> [WORK REQUIRED]:
Instruction for the data below: set down exactly the lines from the line with "have x_fin : x" to the line with "Section transport.", inclusive, and no others.

Stored items
--- START ---
(* Let $D$ be a pre-divergence on a Polish space $\mathcal{X}$, $c$ a cost function, and $\mu\in\mathcal{P}(\mathcal{X})$. If $P\mapsto D(P\|\mu)$ is convex, then $P\mapsto D^c(P\|\mu)$ is convex.
   Context: $\mathcal{P}(\mathcal{X})$ is the set of Borel probability measures on the Polish space $\mathcal{X}$. A pre-divergence is $D:\mathcal{P}(\mathcal{X})\times\mathcal{P}(\mathcal{X})\to[0,\infty]$ with $D(\mu\|\mu)=0$ for all $\mu$. A cost function is a lower semicontinuous $c:\mathcal{X}\times\mathcal{X}\to[0,\infty]$, with OT cost $C(\mu,\nu)=\inf\{\int c\,d\pi:\pi\in\mathcal{P}(\mathcal{X}\times\mathcal{X}),\pi_1=\mu,\pi_2=\nu\}$. $D^c(\nu\|\mu)=\inf_{\eta\in\mathcal{P}(\mathcal{X})}\{D(\eta\|\mu)+C(\eta,\nu)\}$. *)

From HB Require Import structures.
From mathcomp Require Import all_boot all_order all_algebra.
From mathcomp Require Import all_classical all_reals all_analysis.
From mathcomp Require Import measurable_realfun lebesgue_integral.
Set Implicit Arguments. Unset Strict Implicit. Unset Printing Implicit Defensive.
Import Order.TTheory GRing.Theory Num.Theory.
Local Open Scope classical_set_scope.
Local Open Scope ring_scope.
Local Open Scope ereal_scope.

Definition separable_space (T : topologicalType) :=
  exists S : set T, countable S /\ dense S.

Definition polish (R : realType) (X : completePseudoMetricType R) :=
  hausdorff_space X /\ separable_space X.

Definition borel (T : ptopologicalType) := g_sigma_algebraType (@open T).

Section ot.
Context {R : realType} {X : ptopologicalType}.
Local Notation BX := (borel X).

Definition coupling (mu nu : probability BX R)
    (pi : probability (BX * BX)%type R) :=
  forall A : set BX, measurable A ->
    pi (A `*` setT) = mu A /\ pi (setT `*` A) = nu A.

Definition ot_cost (c : X * X -> \bar R) (mu nu : probability BX R) : \bar R :=
  ereal_inf [set \int[pi]_z (c z : \bar R) | pi in
                 [set pi : probability (BX * BX)%type R | coupling mu nu pi]].

Definition Dc (D : probability BX R -> probability BX R -> \bar R)
    (c : X * X -> \bar R) (nu mu : probability BX R) : \bar R :=
  ereal_inf [set D eta mu + ot_cost c eta nu | eta in
                 [set: probability BX R]].

Definition convex_on_prob (F : probability BX R -> \bar R) :=
  forall (P Q M : probability BX R) (t : R), (0 <= t <= 1)%R ->
    (forall A : set BX, measurable A ->
       M A = t%:E * P A + (1 - t)%:E * Q A) ->
    F M <= t%:E * F P + (1 - t)%:E * F Q.

Definition cost_measurable (c : X * X -> \bar R) :=
  measurable_fun (setT : set (BX * BX)%type) (fun z : BX * BX => c z).

End ot.

From HB Require Import structures.
From mathcomp Require Import all_boot all_order all_algebra.
From mathcomp Require Import all_classical all_reals all_analysis.
From mathcomp Require Import measurable_realfun lebesgue_integral unstable.
Set Implicit Arguments. Unset Strict Implicit.
Import Order.TTheory GRing.Theory Num.Theory.
Local Open Scope classical_set_scope.
Local Open Scope ring_scope.
Local Open Scope ereal_scope.

(* Given competitors eta1 for P and eta2 for Q in the infimum defining D^c,
   the mixture t eta1 + (1-t) eta2 is a competitor for t P + (1-t) Q: its
   divergence is controlled by convexity of D(.||mu), and mixing couplings of
   (eta1, P) and (eta2, Q) gives a coupling of the two mixtures with the mixed
   cost, so the transport cost is jointly convex. Taking infima over eta1 and
   eta2 concludes for 0 < t < 1; the endpoints are trivial because D^c(.||mu)
   only sees the values of its argument on measurable sets. *)

Section mixture.
Context d (T : measurableType d) (R : realType).
Variables (t : R) (t_ge0 : (0 <= t)%R) (t_le1 : (t <= 1)%R).
Variables (P Q : probability T R).

Definition mixture_measure :=
  measure_add (mscale (NngNum t_ge0) P) (mscale (NngNum (onem_ge0 t_le1)) Q).

HB.instance Definition _ := Measure.copy mixture_measure
  (measure_add (mscale (NngNum t_ge0) P) (mscale (NngNum (onem_ge0 t_le1)) Q)).

Let mixture_measure_setT : mixture_measure setT = 1.
Proof.
rewrite /mixture_measure measure_addE.
change (t%:E * P setT + (1 - t)%:E * Q setT = 1).
by rewrite !probability_setT !mule1 -EFinD add_onemK.
Qed.

HB.instance Definition _ :=
  Measure_isProbability.Build _ _ _ mixture_measure mixture_measure_setT.

Definition mixture : probability T R := mixture_measure.

Lemma mixtureE A : mixture A = t%:E * P A + (1 - t)%:E * Q A.
Proof. exact: measure_addE. Qed.

Lemma ge0_integral_mixture (f : T -> \bar R) :
  (forall x, 0 <= f x) -> measurable_fun setT f ->
  \int[mixture]_x f x = t%:E * \int[P]_x f x + (1 - t)%:E * \int[Q]_x f x.
Proof.
by move=> f_ge0 mf; rewrite ge0_integral_measure_add // !ge0_integral_mscale.
Qed.

End mixture.

Section ereal_inf_sum.
Context {R : realType}.
Implicit Types (A B : set (\bar R)) (z : \bar R).

(* Nonnegativity excludes the junk sum -oo + +oo = -oo. *)
Lemma le_ereal_infD A B z :
  (forall x, A x -> 0 <= x) -> (forall y, B y -> 0 <= y) ->
  (forall x y, A x -> B y -> z <= x + y) ->
  z <= ereal_inf A + ereal_inf B.
Proof.
move=> A_ge0 B_ge0 zAB; rewrite leNgt; apply/negP => ltABz.
have infA_ge0 : 0 <= ereal_inf A by apply/ereal_infP.
have infB_ge0 : 0 <= ereal_inf B by apply/ereal_infP.
have infB_fin : ereal_inf B \is a fin_num.
  rewrite ge0_fin_numE // (le_lt_trans (leeDr _ infA_ge0)) //.
  exact: lt_le_trans ltABz (leey _).
have [x Ax ltx] : exists2 x, A x & x < z - ereal_inf B.
  by apply: ereal_inf_lt; rewrite lteBrDr.
have x_fin : x \is a fin_num by rewrite ge0_fin_numE ?A_ge0 // (lt_le_trans ltx (leey _)).
have [y By lty] : exists2 y, B y & y < z - x.
  by apply: ereal_inf_lt; rewrite lteBrDr // addeC -lteBrDr.
by move: lty; rewrite lteBrDr // addeC ltNge zAB.
Qed.

Lemma le_ereal_infZD (a b : R) A B z : (0 < a)%R -> (0 < b)%R ->
  (forall x, A x -> 0 <= x) -> (forall y, B y -> 0 <= y) ->
  (forall x y, A x -> B y -> z <= a%:E * x + b%:E * y) ->
  z <= a%:E * ereal_inf A + b%:E * ereal_inf B.
Proof.
move=> a_gt0 b_gt0 A_ge0 B_ge0 zAB; rewrite -!ereal_inf_pZl //.
apply: le_ereal_infD => [_ [x Ax <-]|_ [y By <-]|_ _ [x Ax <-] [y By <-]].
- by apply: mule_ge0; [rewrite lee_fin ltW | exact: A_ge0].
- by apply: mule_ge0; [rewrite lee_fin ltW | exact: B_ge0].
- exact: zAB.
Qed.

End ereal_inf_sum.

Section transport.
Context {R : realType} {X : ptopologicalType}.
Local Notation BX := (borel X).
Implicit Types (c : X * X -> \bar R) (mu nu P Q M : probability BX R).

Lemma ot_cost_ge0 c mu nu : (forall z, 0 <= c z) -> 0 <= ot_cost c mu nu.
Proof. by move=> c_ge0; apply/ereal_infP => _ [pi _ <-]; exact: integral_ge0. Qed.

Lemma ot_cost_congr c mu nu nu' : (forall A, measurable A -> nu A = nu' A) ->
  ot_cost c mu nu = ot_cost c mu nu'.
Proof.
move=> nu_nu'; rewrite /ot_cost; congr ereal_inf; apply/seteqP.
by split=> _ [pi pi_cpl <-]; exists pi => // A mA;
  have [-> ->] := pi_cpl A mA; rewrite nu_nu'.
Qed.

Lemma ot_cost_mixture c (t : R) (t_gt0 : (0 < t)%R) (t_lt1 : (t < 1)%R)
    eta1 eta2 P Q M :
  (forall z, 0 <= c z) -> cost_measurable c ->
  (forall A, measurable A -> M A = t%:E * P A + (1 - t)%:E * Q A) ->
  ot_cost c (mixture (ltW t_gt0) (ltW t_lt1) eta1 eta2) M <=
    t%:E * ot_cost c eta1 P + (1 - t)%:E * ot_cost c eta2 Q.
Proof.
move=> c_ge0 c_meas ME; apply: le_ereal_infZD; rewrite ?subr_gt0 //.
- by move=> _ [pi _ <-]; exact: integral_ge0.
- by move=> _ [pi _ <-]; exact: integral_ge0.
move=> _ _ [pi1 pi1_cpl <-] [pi2 pi2_cpl <-].
apply: ereal_inf_lbound; exists (mixture (ltW t_gt0) (ltW t_lt1) pi1 pi2).
  move=> A mA; rewrite !mixtureE ME //.
  by have [-> ->] := pi1_cpl A mA; have [-> ->] := pi2_cpl A mA.
by rewrite ge0_integral_mixture.
Qed.

Lemma Dc_congr D c mu nu nu' : (forall A, measurable A -> nu A = nu' A) ->
  Dc D c nu mu = Dc D c nu' mu.
Proof.
by move=> nu_nu'; rewrite /Dc; under eq_imagel do rewrite (ot_cost_congr _ _ nu_nu').
Qed.

Lemma convex_on_prob_interior (F : probability BX R -> \bar R) :
  (forall P Q, (forall A, measurable A -> P A = Q A) -> F P = F Q) ->
  (forall P Q M (t : R), (0 < t < 1)%R ->
    (forall A, measurable A -> M A = t%:E * P A + (1 - t)%:E * Q A) ->
    F M <= t%:E * F P + (1 - t)%:E * F Q) ->
  convex_on_prob F.
Proof.
move=> F_congr F_conv P Q M t /andP[t_ge0 t_le1] ME.
have [t0|t_neq0] := eqVneq t 0%R.
  rewrite t0 subr0 mul0e add0e mul1e (F_congr M Q) // => A mA.
  by rewrite ME // t0 subr0 mul0e add0e mul1e.
have [t1|t_neq1] := eqVneq t 1%R.
  rewrite t1 subrr mul0e adde0 mul1e (F_congr M P) // => A mA.
  by rewrite ME // t1 subrr mul0e adde0 mul1e.
by apply: F_conv => //; rewrite !lt_def t_neq0 t_ge0 eq_sym t_neq1 t_le1.
Qed.

End transport.

Theorem lemma1 (R : realType) (X : completePseudoMetricType R)
  (hX : polish X)
  (D : probability (borel X) R -> probability (borel X) R -> \bar R)
  (D_ge0 : forall P Q, 0 <= D P Q)
  (D_refl : forall P, D P P = 0)
  (c : X * X -> \bar R)
  (c_ge0 : forall z, 0 <= c z)
  (c_lsc : lower_semicontinuous c)
  (c_meas : cost_measurable c)
  (mu : probability (borel X) R) :
  convex_on_prob (fun P => D P mu) ->
  convex_on_prob (fun P => Dc D c P mu).
Proof.
move=> D_conv; apply: convex_on_prob_interior; first exact: Dc_congr.
move=> P Q M t /andP[t_gt0 t_lt1] ME /=.
have Dc_ge0 nu x : [set D eta mu + ot_cost c eta nu | eta in setT] x -> 0 <= x.
  by move=> [eta _ <-]; rewrite adde_ge0 ?ot_cost_ge0.
apply: le_ereal_infZD; rewrite ?subr_gt0 //; [exact: Dc_ge0 | exact: Dc_ge0 |].
move=> _ _ [eta1 _ <-] [eta2 _ <-].
set eta := mixture (ltW t_gt0) (ltW t_lt1) eta1 eta2.
apply: (@le_trans _ _ (D eta mu + ot_cost c eta M)).
  by apply: ereal_inf_lbound; exists eta.
rewrite !ge0_muleDr ?ot_cost_ge0 // addeACA; apply: leeD.
- by apply: D_conv => [|A mA]; rewrite ?mixtureE ?ltW.
- exact: ot_cost_mixture.
Qed.
(* Every bipartite circle graph has odd chromatic number at most $98$.
   Context: A graph is a circle graph if there is a collection of chords of a circle in bijection with its vertices such that two vertices are adjacent if and only if their chords intersect. The odd chromatic number of a graph $G$ is the minimum number of colors in a proper vertex coloring of $G$ such that for every non-isolated vertex $v$ some color appears on an odd number of vertices of the open neighborhood $N(v)$. *)

From mathcomp Require Import all_boot.
Set Implicit Arguments. Unset Strict Implicit. Unset Printing Implicit Defensive.

Definition simple_graph (T : finType) (e : rel T) : Prop :=
  (forall x y, e x y = e y x) /\ (forall x, ~~ e x x).

Definition bipartite (T : finType) (e : rel T) : Prop :=
  exists side : T -> bool, forall x y, e x y -> side x != side y.

(* We cut the circle at a point that is not an
   endpoint, so endpoints are positions on a line (natural numbers);
   a chord is the pair of its two endpoint positions. *)
Definition inside (p : nat * nat) (x : nat) : bool :=
  (minn p.1 p.2 < x) && (x < maxn p.1 p.2).

(* Two chords with pairwise distinct endpoints intersect iff exactly one
   endpoint of q lies strictly inside p (their endpoints interleave). *)
Definition chords_cross (p q : nat * nat) : bool :=
  inside p q.1 (+) inside p q.2.

Definition endpoints (p : nat * nat) : seq nat := [:: p.1; p.2].

Definition circle_graph (T : finType) (e : rel T) : Prop :=
  exists f : T -> nat * nat,
    [/\ forall x, (f x).1 != (f x).2,
        forall x y, x != y -> all (fun a => a \notin endpoints (f y)) (endpoints (f x))
      & forall x y, x != y -> e x y = chords_cross (f x) (f y)].

Definition odd_coloring (T : finType) (e : rel T) (k : nat) (c : T -> 'I_k) : Prop :=
  (forall x y, e x y -> c x != c y) /\
  (forall v, (exists u, e v u) ->
     exists i : 'I_k, odd #|[set u | e v u & c u == i]|).

Definition odd_chromatic_le (T : finType) (e : rel T) (k : nat) : Prop :=
  exists c : T -> 'I_k, odd_coloring e c.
--- END ---
> [TASK SOLUTION]:
have x_fin : x \is a fin_num by rewrite ge0_fin_numE ?A_ge0 // (lt_le_trans ltx (leey _)).
have [y By lty] : exists2 y, B y & y < z - x.
  by apply: ereal_inf_lt; rewrite lteBrDr // addeC -lteBrDr.
by move: lty; rewrite lteBrDr // addeC ltNge zAB.
Qed.

Lemma le_ereal_infZD (a b : R) A B z : (0 < a)%R -> (0 < b)%R ->
  (forall x, A x -> 0 <= x) -> (forall y, B y -> 0 <= y) ->
  (forall x y, A x -> B y -> z <= a%:E * x + b%:E * y) ->
  z <= a%:E * ereal_inf A + b%:E * ereal_inf B.
Proof.
move=> a_gt0 b_gt0 A_ge0 B_ge0 zAB; rewrite -!ereal_inf_pZl //.
apply: le_ereal_infD => [_ [x Ax <-]|_ [y By <-]|_ _ [x Ax <-] [y By <-]].
- by apply: mule_ge0; [rewrite lee_fin ltW | exact: A_ge0].
- by apply: mule_ge0; [rewrite lee_fin ltW | exact: B_ge0].
- exact: zAB.
Qed.

End ereal_inf_sum.

Section transport.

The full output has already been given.